# Task to carry out
Repeat the records below exactly, beginning at the first line and finishing with the line that contains "have [<-|xy] := eqVneq".

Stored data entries
=== Begin Enclosure ===
Lemma pair_colours_cover u w (Y : {set T}) cs : bichromatic_covered u w cs ->
  exists2 s : seq nat, size s <= #|Y| + size cs &
    forall v y, (v == u) || (v == w) -> y \in Y -> e v y -> C v y \in s.
Proof.
move=> cov.
pose r y := if e u y && (C u y \notin cs) then C u y else C w y.
exists (cs ++ map r (enum Y)); first by rewrite size_cat size_map -cardE addnC.
move=> v y /orP[]/eqP-> yY vy; rewrite mem_cat.
all: have ry : r y \in map r (enum Y) by rewrite map_f ?mem_enum.
  by case: (boolP (C u y \in cs)) => //= notin_cs; rewrite /r vy notin_cs in ry.
rewrite /r in ry; case: ifP ry => [/andP[uy notin_cs] | _ ->]; last exact: orbT.
case: (eqVneq (C u y) (C w y)) => [<- -> | neq _]; first exact: orbT.
have bich : bichromatic u w y by rewrite /bichromatic uy vy neq.
by case/orP: (cov y bich) => [/(negP notin_cs) | ->].
Qed.

End ColourNeighbourhoods.

Section NoRainbowC4.

Variables (T : finType) (e : rel T) (C : T -> T -> nat).

Definition rainbow_cycle4 (a b c d : T) : bool :=
  [&& uniq [:: a; b; c; d], [&& e a b, e b c, e c d & e d a] &
      uniq [:: C a b; C b c; C c d; C d a]].

Hypotheses (simple_e : simple_graph e) (coloring_C : edge_coloring e C).

Lemma edge_neq a b : e a b -> a != b.
Proof. by case: simple_e => irr _; apply: contraTneq => ->; rewrite irr. Qed.

Lemma edge_sym a b : e a b = e b a.
Proof. by case: simple_e => _; apply. Qed.

Hypothesis no_rainbow : forall a b c d, ~~ rainbow_cycle4 a b c d.

Lemma bichromatic_share_colour u w x y : u != w ->
  bichromatic e C u w x -> bichromatic e C u w y ->
  (C u y \in [:: C u x; C w x]) || (C w y \in [:: C u x; C w x]).
Proof.
move=> uw bx /and3P[uy wy ny]; have /and3P[ux wx nx] := bx.
have [<-|xy] := eqVneq x y; first by rewrite !inE eqxx.
have := no_rainbow u x w y; rewrite /rainbow_cycle4 ux (edge_sym x) wx wy (edge_sym y) uy.
rewrite -(coloring_C wx) -(coloring_C uy) /= !inE !negb_or.
rewrite (edge_neq ux) uw (edge_neq uy) [x == w]eq_sym (edge_neq wx) xy (edge_neq wy).
rewrite nx [C w y == _]eq_sym ny /=.
by rewrite ![C _ x == _]eq_sym; do 4!case: (_ == _).
Qed.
=== End Enclosure ===
# Exercise output
Lemma pair_colours_cover u w (Y : {set T}) cs : bichromatic_covered u w cs ->
  exists2 s : seq nat, size s <= #|Y| + size cs &
    forall v y, (v == u) || (v == w) -> y \in Y -> e v y -> C v y \in s.
Proof.
move=> cov.
pose r y := if e u y && (C u y \notin cs) then C u y else C w y.
exists (cs ++ map r (enum Y)); first by rewrite size_cat size_map -cardE addnC.
move=> v y /orP[]/eqP-> yY vy; rewrite mem_cat.
all: have ry : r y \in map r (enum Y) by rewrite map_f ?mem_enum.
  by case: (boolP (C u y \in cs)) => //= notin_cs; rewrite /r vy notin_cs in ry.
rewrite /r in ry; case: ifP ry => [/andP[uy notin_cs] | _ ->]; last exact: orbT.
case: (eqVneq (C u y) (C w y)) => [<- -> | neq _]; first exact: orbT.
have bich : bichromatic u w y by rewrite /bichromatic uy vy neq.
by case/orP: (cov y bich) => [/(negP notin_cs) | ->].
Qed.

End ColourNeighbourhoods.

Section NoRainbowC4.

Variables (T : finType) (e : rel T) (C : T -> T -> nat).

Definition rainbow_cycle4 (a b c d : T) : bool :=
  [&& uniq [:: a; b; c; d], [&& e a b, e b c, e c d & e d a] &
      uniq [:: C a b; C b c; C c d; C d a]].

Hypotheses (simple_e : simple_graph e) (coloring_C : edge_coloring e C).

Lemma edge_neq a b : e a b -> a != b.
Proof. by case: simple_e => irr _; apply: contraTneq => ->; rewrite irr. Qed.

Lemma edge_sym a b : e a b = e b a.
Proof. by case: simple_e => _; apply. Qed.

Hypothesis no_rainbow : forall a b c d, ~~ rainbow_cycle4 a b c d.

Lemma bichromatic_share_colour u w x y : u != w ->
  bichromatic e C u w x -> bichromatic e C u w y ->
  (C u y \in [:: C u x; C w x]) || (C w y \in [:: C u x; C w x]).
Proof.
move=> uw bx /and3P[uy wy ny]; have /and3P[ux wx nx] := bx.
have [<-|xy] := eqVneq x y; first by rewrite !inE eqxx.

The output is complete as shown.